Good Life Performance By Alex Smock

The Spatial Experience: As I entered the theatre, I was seated four rows from the front, central to the stage. As I entered the auditorium, I felt enthusiastic, as I had recently been told by friends who attended the previous night that the play was a true delight. It was a great seat other than when the cast used the platform beside and to the back of me. Otherwise, I feel that my seat location enhanced my experience. As the lights dimmed and the audience hushed one and other, my heart fluttered. We waited a whole 15 minutes before the play began, probably enhancing my excitement. The small infrequently visited location made it a unique experience. I believe that a place does not necessarily play a huge role in the Good Life as long as you are able to satisfy your designated values such as safety and hygiene.
The Social Experience: My suite mate and I met up with a friend of hers for the performance.
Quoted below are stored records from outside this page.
(* Let $n\ge 2$ and $w\in\widetilde{S}_n^\circ$ with gap vector $\dot g(w)=(g_1,\dots,g_{n-1})$. Then the Coxeter length of $w$ is \[\ell(w)=\sum_{i=1}^{n-1}(n-i)\,g_i = g_{n-1}+2g_{n-2}+\cdots+(n-1)g_1 .\]
   Context: An affine permutation of size $n$ is a bijection $w:\mathbb{Z}\to\mathbb{Z}$ with $w(i+n)=w(i)+n$ for all $i$ and $w(1)+\cdots+w(n)=\binom{n+1}{2}$; $[w(1),\dots,w(n)]$ is its base window. The affine symmetric group $\widetilde{S}_n$ is the group of these under composition. It is generated by $s_0,\dots,s_{n-1}$, where $ws_i$ is obtained from $w$ by swapping the values at positions $i+mn$ and $i+1+mn$ for every $m\in\mathbb{Z}$; the Coxeter length $\ell(w)$ is the minimal number of such generators in a factorization of $w$. Let $\widetilde{S}_n^\circ$ be the set of $w\in\widetilde{S}_n$ with $w(1)<w(2)<\cdots<w(n)$ (minimal length coset representatives). For $w\in\widetilde{S}_n^\circ$ with base window $w_1<\cdots<w_n$, call an integer a bead if it equals $w_j-mn$ for some $1\le j\le n$ and some integer $m\ge 0$, and a gap otherwise. The gap vector is $\dot g(w)=(g_1,\dots,g_{n-1})$, where $g_i$ is the number of gaps strictly between $w_i$ and $w_{i+1}$. *)

From Stdlib Require Import ZArith List Lia Bool.
Import ListNotations.
Open Scope Z_scope.

Definition is_affine_perm (n : nat) (w : Z -> Z) : Prop :=
  (forall x y, w x = w y -> x = y) /\
  (forall y, exists x, w x = y) /\
  (forall i, w (i + Z.of_nat n) = w i + Z.of_nat n) /\
  fold_right Z.add 0 (map (fun k => w (Z.of_nat k)) (seq 1 n))
    = Z.of_nat n * (Z.of_nat n + 1) / 2.

Definition gen (n : nat) (i : nat) (j : Z) : Z :=
  let N := Z.of_nat n in
  if Z.eqb (j mod N) (Z.of_nat i mod N) then j + 1
  else if Z.eqb (j mod N) ((Z.of_nat i + 1) mod N) then j - 1
  else j.

(* the product s_{i1} s_{i2} ... s_{ik} (composition of functions);
   note w s_i = w o gen n i swaps the values of w at positions i+mn, i+1+mn *)
Definition gen_prod (n : nat) (l : list nat) : Z -> Z :=
  fold_right (fun i f => fun z => gen n i (f z)) (fun z => z) l.

Definition is_factorization (n : nat) (w : Z -> Z) (l : list nat) : Prop :=
  Forall (fun i => (i < n)%nat) l /\ forall z, w z = gen_prod n l z.

Definition coxeter_length_is (n : nat) (w : Z -> Z) (k : nat) : Prop :=
  (exists l, is_factorization n w l /\ length l = k) /\
  (forall l, is_factorization n w l -> (k <= length l)%nat).

(* minimal length coset representatives: w(1) < ... < w(n) *)
Definition window_increasing (n : nat) (w : Z -> Z) : Prop :=
  forall i : nat, (1 <= i)%nat -> (i < n)%nat -> w (Z.of_nat i) < w (Z.of_nat i + 1).

Definition is_bead (n : nat) (w : Z -> Z) (x : Z) : Prop :=
  exists (j : nat) (m : Z), (1 <= j <= n)%nat /\ 0 <= m /\
    x = w (Z.of_nat j) - m * Z.of_nat n.

(* boolean version (literal unfolding: m = (w_j - x)/n) *)
Definition is_beadb (n : nat) (w : Z -> Z) (x : Z) : bool :=
  existsb (fun j => Z.leb x (w (Z.of_nat j)) &&
                    Z.eqb ((w (Z.of_nat j) - x) mod Z.of_nat n) 0)
          (seq 1 n).

Lemma is_beadb_spec n w x : (n > 0)%nat -> is_beadb n w x = true <-> is_bead n w x.
Proof.
  intros Hn. unfold is_beadb, is_bead. rewrite existsb_exists. split.
  - intros [j [Hj Hb]]. apply in_seq in Hj.
    apply andb_true_iff in Hb as [H1 H2]. apply Z.leb_le in H1. apply Z.eqb_eq in H2.
    exists j, ((w (Z.of_nat j) - x) / Z.of_nat n). split; [lia|].
    assert (HN : Z.of_nat n > 0) by lia.
    pose proof (Z.div_mod (w (Z.of_nat j) - x) (Z.of_nat n) ltac:(lia)) as E.
    split. apply Z.div_pos; lia. rewrite H2 in E. lia.
  - intros [j [m [Hj [Hm Hx]]]]. exists j. split. apply in_seq; lia.
    apply andb_true_iff; split. apply Z.leb_le. nia.
    apply Z.eqb_eq. subst x.
    replace (w (Z.of_nat j) - (w (Z.of_nat j) - m * Z.of_nat n)) with (m * Z.of_nat n) by ring.
    apply Z.mod_mul. lia.
Qed.

Definition Zbetween (a b : Z) : list Z :=
  map (fun k => a + 1 + Z.of_nat k) (seq 0 (Z.to_nat (b - a - 1))).

Definition gap (n : nat) (w : Z -> Z) (i : nat) : nat :=
  length (filter (fun x => negb (is_beadb n w x))
    (Zbetween (w (Z.of_nat i)) (w (Z.of_nat i + 1)))).

Definition weighted_gap_sum (n : nat) (w : Z -> Z) : nat :=
  fold_right Nat.add 0%nat (map (fun i => ((n - i) * gap n w i)%nat) (seq 1 (n - 1))).

(* The Coxeter length of an affine permutation w is its number of affine inversions, the pairs
   (x, z) with x in a fixed window of n consecutive integers, x < z and w z < w x: multiplying w
   on the right by s_i changes this count by exactly one, up or down according to whether
   w i < w (i + 1), and an affine permutation with no such descent is the identity.
   When w 1 < ... < w n, the inversions (j, k + m n) with k < j correspond to the integers x in
   (w k, w j) congruent to w k modulo n.  Such an x lies in an interval (w i, w (i + 1)) with
   k <= i, where it is a gap because the largest bead of its class, w k, lies below it; and it
   is counted once for each of the n - i indices j > i. *)

Set Warnings "-notation-overridden".
From Stdlib Require Import ZArith List Lia.
From HB Require Import structures.
From mathcomp Require Import all_boot zify.
From mathcomp Require Import fingroup perm.
Open Scope Z_scope.

Lemma mod_eqb_near (N a b : Z) : -N < a - b < N -> (a mod N =? b mod N) = (a =? b).
Proof.
move=> ab; case: (Z.eqb_spec a b) => [->|neq]; first exact: Z.eqb_refl.
apply/Z.eqb_neq => eq_mod; apply: neq.
have N_gt0 : 0 < N by lia.
have ab_mul : a - b = N * (a / N - b / N).
  have := Z.div_mod a N ltac:(lia); have := Z.div_mod b N ltac:(lia); lia.
have [k_neg|[k0|k_pos]] := Z.lt_total (a / N - b / N) 0; nia.
Qed.

Lemma opp_mod_eqb0_dvdn (d m : nat) : (0 < d)%N ->
  ((- Z.of_nat m) mod Z.of_nat d =? 0) = (d %| m)%N.
Proof.
move=> d_gt0; case: (Z.eqb_spec _ 0) => [/Z.mod_divide [|k mk] | nd]; first lia.
  by apply/esym/dvdnP; exists (Z.to_nat (- k)); nia.
apply/esym/negbTE/dvdnP => -[k mk]; apply: nd; apply/Z.mod_divide; first lia.
by exists (- Z.of_nat k); rewrite mk; lia.
Qed.

(* The number of integers [m] with [E < m N < D], for [N > 0]. *)
Definition floor_count (N D E : Z) : nat := Z.to_nat ((D - 1) / N - E / N).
We all grabbed a late lunch and walked over to the theatre together. We were able to reflect our experience and interpretations of the play and its characters in intermission and afterwards. Shared experiences is what I value the most in my form of the Good Life. I believe that experiences that you can share with others allow for a special bond to form. That is why having things in common is so important when building strong relationship foundations.
The Cultural and Intellectual Experience: This performance shed some light on my understanding of the arts in society. Even going to the play forced me out of my comfort zone. The play made several societal critiques for the time it was placed in such as child labor, Church scandals, poverty, and many others. The central issue of the performance was choosing between doing the right and easy thing. Before I attended the performance, I only knew the setting. Afterwards, I reflected upon the issues of the play in a depth that I never have considered before. The performance made me think about the value of the arts and reminded me how there will always be high temptation and pressure to take the easy way; this play has encouraged me to make choices based on what is right. The subject matter reminded me of some familial tensions that need to be mended because it is the right thing instead of taking the easy route and waiting for an apology.
The Emotional Experience: In "The Divine: A Play for Sarah Bernhardt", katharsis is offered to several characters in several moments. Some take control of those opportunities to do the right thing, while others decide to continue on the easier path. Even though Talbot takes part in katharsis, Meyer finishes his process for him. Some of the acts of "coming clean" come too late; this was seen with Leo's death. This play also allows its viewers to go through the process of katharsis as it calls upon them to question their ethical dilemmas.